◆ **Try it**: Output the data below in full, byte for byte. Nothing may differ.

(Data for this task)

(* Let $H=(V,E)$ be a hypergraph whose vertex set $V$ is a partition of $[n]$ into sets of cardinality at least $2$, and suppose $H$ is downward-closed (for every $e\in E$ and every $e'\subseteq e$ with $|e'|>1$, $e'\in E$). Let $D=\{\bar i_I\}_{I\in V}$ with $\bar i_I\in I$ for each $I\in V$. Let $a\cdot w\le\delta$ ($a\in\mathbb{R}^{\mathcal{J}^H}$, $\delta\in\mathbb{R}$) be a valid inequality for $\mathrm{MC}^H$ such that $\{J\in\mathcal{J}^H: a_J\ne 0\}\subseteq\mathcal{J}^H_\le(D)$. Then $a\cdot w\le\delta$ is facet-inducing for $\mathrm{MC}^H$ if and only if $\operatorname{proj}_{\mathcal{J}^H_\le(D)}a\cdot v\le\delta$ is facet-inducing for $\mathrm{MC}^H_\le(D)$.
   Context: Let $n$ be a positive integer, $[n]=\{1,\dots,n\}$. A hypergraph $H=(V,E)$ here has as vertex set $V$ a family of pairwise disjoint subsets of $[n]$, each of cardinality at least $2$, and hyperedge set $E$ consisting of subsets $e\subseteq V$ with $|e|\ge 2$. Write $L(V)=\{\{I\}: I\in V\}$. For a nonempty $e\subseteq V$, $\mathcal{J}^e$ denotes the family of sets $J\subseteq \bigcup_{I\in e} I$ with $|J\cap I|=1$ for every $I\in e$. Let $\mathcal{J}^H=\bigcup_{e\in L(V)\cup E}\mathcal{J}^e$. For a vector $w$ indexed by sets, write $w_i=w_{\{i\}}$ and $w(A)=\sum_{i\in A}w_i$. Let $\mathscr{S}^H=\{w\in\{0,1\}^{\mathcal{J}^H}: w(I)=1\ \forall I\in V;\ w_J=\prod_{i\in J}w_i\ \forall J\in\mathcal{J}^H, |J|>1\}$ and $\mathrm{MC}^H=\operatorname{conv}\mathscr{S}^H$. For $D$ as in the claim, $\mathcal{J}^H_\le(D)=\{J\in\mathcal{J}^H: J\subseteq[n]\setminus D\}$ and $\mathrm{MC}^H_\le(D)=\operatorname{conv}\{v\in\{0,1\}^{\mathcal{J}^H_\le(D)}: v(I\setminus D)\le 1\ \forall I\in V;\ v_J=\prod_{i\in J}v_i\ \forall J\in\mathcal{J}^H_\le(D), |J|>1\}$. $\operatorname{proj}_{S'}$ extracts coordinates indexed by $S'$. *)

From HB Require Import structures.
From mathcomp Require Import all_boot all_order all_algebra.
From mathcomp Require Import reals.
Set Implicit Arguments. Unset Strict Implicit. Unset Printing Implicit Defensive.
Import Order.TTheory GRing.Theory Num.Theory.
Local Open Scope ring_scope.

Section Polyhedra.
Variable R : realType.
Variable K : finType.
Notation vec := {ffun K -> R}.

Definition dotv (a w : vec) : R := \sum_k a k * w k.

Definition conv (S : vec -> Prop) (x : vec) : Prop :=
  exists (m : nat) (p : 'I_m -> vec) (l : 'I_m -> R),
    [/\ (forall i, S (p i)), (forall i, 0 <= l i), \sum_i l i = 1
      & forall k, x k = \sum_i l i * p i k].

Definition lin_indep (s : seq vec) : Prop :=
  forall c : 'I_(size s) -> R,
    (forall k, \sum_i c i * (s`_i) k = 0) -> forall i, c i = 0.

Definition aff_indep (s : seq vec) : Prop :=
  match s with
  | [::] => True
  | p0 :: ps => lin_indep [seq [ffun k => p k - p0 k] : {ffun K -> R} | p : {ffun K -> R} <- ps]
  end.

(* X has (affine) dimension d (d = -1 iff X is empty):
   the maximal number of affinely independent points of X is d + 1 *)
Definition has_dim (X : vec -> Prop) (d : int) : Prop :=
  (exists s : seq vec, (forall x, x \in s -> X x) /\ aff_indep s
                       /\ (size s)%:Z = d + 1)
  /\ (forall s : seq vec, (forall x, x \in s -> X x) -> aff_indep s ->
         (size s)%:Z <= d + 1).

Definition valid_ineq (P : vec -> Prop) (a : vec) (delta : R) : Prop :=
  forall x, P x -> dotv a x <= delta.

Definition facet_inducing (P : vec -> Prop) (a : vec) (delta : R) : Prop :=
  valid_ineq P a delta /\
  exists d : int, has_dim P d /\
                  has_dim (fun x => P x /\ dotv a x = delta) (d - 1).

End Polyhedra.

(* [n] = {1..n} is represented by 'I_n = {0..n-1}. *)
Section Hyper.
Variable n : nat.
Notation elt := 'I_n.

Definition Jfam (e : {set {set elt}}) (J : {set elt}) : bool :=
  (J \subset cover e) && [forall I in e, #|J :&: I| == 1].

Definition LV (V : {set {set elt}}) : {set {set {set elt}}} :=
  [set [set I] | I in V].

Definition JH (V : {set {set elt}}) (E : {set {set {set elt}}}) : {set {set elt}} :=
  [set J | [exists e, (e \in LV V :|: E) && Jfam e J]].

Definition JHle V E (D : {set elt}) : {set {set elt}} :=
  [set J in JH V E | J \subset ~: D].

Definition idx (A : {set {set elt}}) := {J : {set elt} | J \in A}.

Variable R : realType.

(* w_J, extended by 0 outside the index family *)
Definition coord (A : {set {set elt}}) (w : {ffun idx A -> R}) (J : {set elt}) : R :=
  if insub J is Some j then w j else 0.

Definition wi (A : {set {set elt}}) (w : {ffun idx A -> R}) (i : elt) : R :=
  coord w [set i].

Definition SH V E (w : {ffun idx (JH V E) -> R}) : Prop :=
  [/\ (forall J, w J = 0 \/ w J = 1),
      (forall I, I \in V -> \sum_(i in I) wi w i = 1)
    & (forall J : idx (JH V E), (1 < #|val J|)%N -> w J = \prod_(i in val J) wi w i)].

Definition MCH V E : {ffun idx (JH V E) -> R} -> Prop := conv (@SH V E).

Definition SHle V E D (v : {ffun idx (JHle V E D) -> R}) : Prop :=
  [/\ (forall J, v J = 0 \/ v J = 1),
      (forall I, I \in V -> \sum_(i in I :\: D) wi v i <= 1)
    & (forall J : idx (JHle V E D), (1 < #|val J|)%N -> v J = \prod_(i in val J) wi v i)].

Definition MCHle V E D : {ffun idx (JHle V E D) -> R} -> Prop := conv (@SHle V E D).

Definition projle V E D (a : {ffun idx (JH V E) -> R}) : {ffun idx (JHle V E D) -> R} :=
  [ffun J => coord a (val J)].

End Hyper.

Arguments SH {n R} V E w.
Arguments SHle {n R} V E D v.
Arguments MCH {n R} V E _.
Arguments MCHle {n R} V E D _.
Arguments projle {n R} V E D a.

From HB Require Import structures.
From mathcomp Require Import all_boot all_order all_algebra.
From mathcomp Require Import reals.
Import Order.TTheory GRing.Theory Num.Theory.
Local Open Scope ring_scope.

(End Data for this task)

◆ **Your response**:
(* Let $H=(V,E)$ be a hypergraph whose vertex set $V$ is a partition of $[n]$ into sets of cardinality at least $2$, and suppose $H$ is downward-closed (for every $e\in E$ and every $e'\subseteq e$ with $|e'|>1$, $e'\in E$). Let $D=\{\bar i_I\}_{I\in V}$ with $\bar i_I\in I$ for each $I\in V$. Let $a\cdot w\le\delta$ ($a\in\mathbb{R}^{\mathcal{J}^H}$, $\delta\in\mathbb{R}$) be a valid inequality for $\mathrm{MC}^H$ such that $\{J\in\mathcal{J}^H: a_J\ne 0\}\subseteq\mathcal{J}^H_\le(D)$. Then $a\cdot w\le\delta$ is facet-inducing for $\mathrm{MC}^H$ if and only if $\operatorname{proj}_{\mathcal{J}^H_\le(D)}a\cdot v\le\delta$ is facet-inducing for $\mathrm{MC}^H_\le(D)$.
   Context: Let $n$ be a positive integer, $[n]=\{1,\dots,n\}$. A hypergraph $H=(V,E)$ here has as vertex set $V$ a family of pairwise disjoint subsets of $[n]$, each of cardinality at least $2$, and hyperedge set $E$ consisting of subsets $e\subseteq V$ with $|e|\ge 2$. Write $L(V)=\{\{I\}: I\in V\}$. For a nonempty $e\subseteq V$, $\mathcal{J}^e$ denotes the family of sets $J\subseteq \bigcup_{I\in e} I$ with $|J\cap I|=1$ for every $I\in e$. Let $\mathcal{J}^H=\bigcup_{e\in L(V)\cup E}\mathcal{J}^e$. For a vector $w$ indexed by sets, write $w_i=w_{\{i\}}$ and $w(A)=\sum_{i\in A}w_i$. Let $\mathscr{S}^H=\{w\in\{0,1\}^{\mathcal{J}^H}: w(I)=1\ \forall I\in V;\ w_J=\prod_{i\in J}w_i\ \forall J\in\mathcal{J}^H, |J|>1\}$ and $\mathrm{MC}^H=\operatorname{conv}\mathscr{S}^H$. For $D$ as in the claim, $\mathcal{J}^H_\le(D)=\{J\in\mathcal{J}^H: J\subseteq[n]\setminus D\}$ and $\mathrm{MC}^H_\le(D)=\operatorname{conv}\{v\in\{0,1\}^{\mathcal{J}^H_\le(D)}: v(I\setminus D)\le 1\ \forall I\in V;\ v_J=\prod_{i\in J}v_i\ \forall J\in\mathcal{J}^H_\le(D), |J|>1\}$. $\operatorname{proj}_{S'}$ extracts coordinates indexed by $S'$. *)

From HB Require Import structures.
From mathcomp Require Import all_boot all_order all_algebra.
From mathcomp Require Import reals.
Set Implicit Arguments. Unset Strict Implicit. Unset Printing Implicit Defensive.
Import Order.TTheory GRing.Theory Num.Theory.
Local Open Scope ring_scope.

Section Polyhedra.
Variable R : realType.
Variable K : finType.
Notation vec := {ffun K -> R}.

Definition dotv (a w : vec) : R := \sum_k a k * w k.

Definition conv (S : vec -> Prop) (x : vec) : Prop :=
  exists (m : nat) (p : 'I_m -> vec) (l : 'I_m -> R),
    [/\ (forall i, S (p i)), (forall i, 0 <= l i), \sum_i l i = 1
      & forall k, x k = \sum_i l i * p i k].

Definition lin_indep (s : seq vec) : Prop :=
  forall c : 'I_(size s) -> R,
    (forall k, \sum_i c i * (s`_i) k = 0) -> forall i, c i = 0.

Definition aff_indep (s : seq vec) : Prop :=
  match s with
  | [::] => True
  | p0 :: ps => lin_indep [seq [ffun k => p k - p0 k] : {ffun K -> R} | p : {ffun K -> R} <- ps]
  end.

(* X has (affine) dimension d (d = -1 iff X is empty):
   the maximal number of affinely independent points of X is d + 1 *)
Definition has_dim (X : vec -> Prop) (d : int) : Prop :=
  (exists s : seq vec, (forall x, x \in s -> X x) /\ aff_indep s
                       /\ (size s)%:Z = d + 1)
  /\ (forall s : seq vec, (forall x, x \in s -> X x) -> aff_indep s ->
         (size s)%:Z <= d + 1).

Definition valid_ineq (P : vec -> Prop) (a : vec) (delta : R) : Prop :=
  forall x, P x -> dotv a x <= delta.

Definition facet_inducing (P : vec -> Prop) (a : vec) (delta : R) : Prop :=
  valid_ineq P a delta /\
  exists d : int, has_dim P d /\
                  has_dim (fun x => P x /\ dotv a x = delta) (d - 1).

End Polyhedra.

(* [n] = {1..n} is represented by 'I_n = {0..n-1}. *)
Section Hyper.
Variable n : nat.
Notation elt := 'I_n.

Definition Jfam (e : {set {set elt}}) (J : {set elt}) : bool :=
  (J \subset cover e) && [forall I in e, #|J :&: I| == 1].

Definition LV (V : {set {set elt}}) : {set {set {set elt}}} :=
  [set [set I] | I in V].

Definition JH (V : {set {set elt}}) (E : {set {set {set elt}}}) : {set {set elt}} :=
  [set J | [exists e, (e \in LV V :|: E) && Jfam e J]].

Definition JHle V E (D : {set elt}) : {set {set elt}} :=
  [set J in JH V E | J \subset ~: D].

Definition idx (A : {set {set elt}}) := {J : {set elt} | J \in A}.

Variable R : realType.

(* w_J, extended by 0 outside the index family *)
Definition coord (A : {set {set elt}}) (w : {ffun idx A -> R}) (J : {set elt}) : R :=
  if insub J is Some j then w j else 0.

Definition wi (A : {set {set elt}}) (w : {ffun idx A -> R}) (i : elt) : R :=
  coord w [set i].

Definition SH V E (w : {ffun idx (JH V E) -> R}) : Prop :=
  [/\ (forall J, w J = 0 \/ w J = 1),
      (forall I, I \in V -> \sum_(i in I) wi w i = 1)
    & (forall J : idx (JH V E), (1 < #|val J|)%N -> w J = \prod_(i in val J) wi w i)].

Definition MCH V E : {ffun idx (JH V E) -> R} -> Prop := conv (@SH V E).

Definition SHle V E D (v : {ffun idx (JHle V E D) -> R}) : Prop :=
  [/\ (forall J, v J = 0 \/ v J = 1),
      (forall I, I \in V -> \sum_(i in I :\: D) wi v i <= 1)
    & (forall J : idx (JHle V E D), (1 < #|val J|)%N -> v J = \prod_(i in val J) wi v i)].

Definition MCHle V E D : {ffun idx (JHle V E D) -> R} -> Prop := conv (@SHle V E D).

Definition projle V E D (a : {ffun idx (JH V E) -> R}) : {ffun idx (JHle V E D) -> R} :=
  [ffun J => coord a (val J)].

End Hyper.

Arguments SH {n R} V E w.
Arguments SHle {n R} V E D v.
Arguments MCH {n R} V E _.
Arguments MCHle {n R} V E D _.
Arguments projle {n R} V E D a.

From HB Require Import structures.
From mathcomp Require Import all_boot all_order all_algebra.
From mathcomp Require Import reals.
Import Order.TTheory GRing.Theory Num.Theory.
Local Open Scope ring_scope.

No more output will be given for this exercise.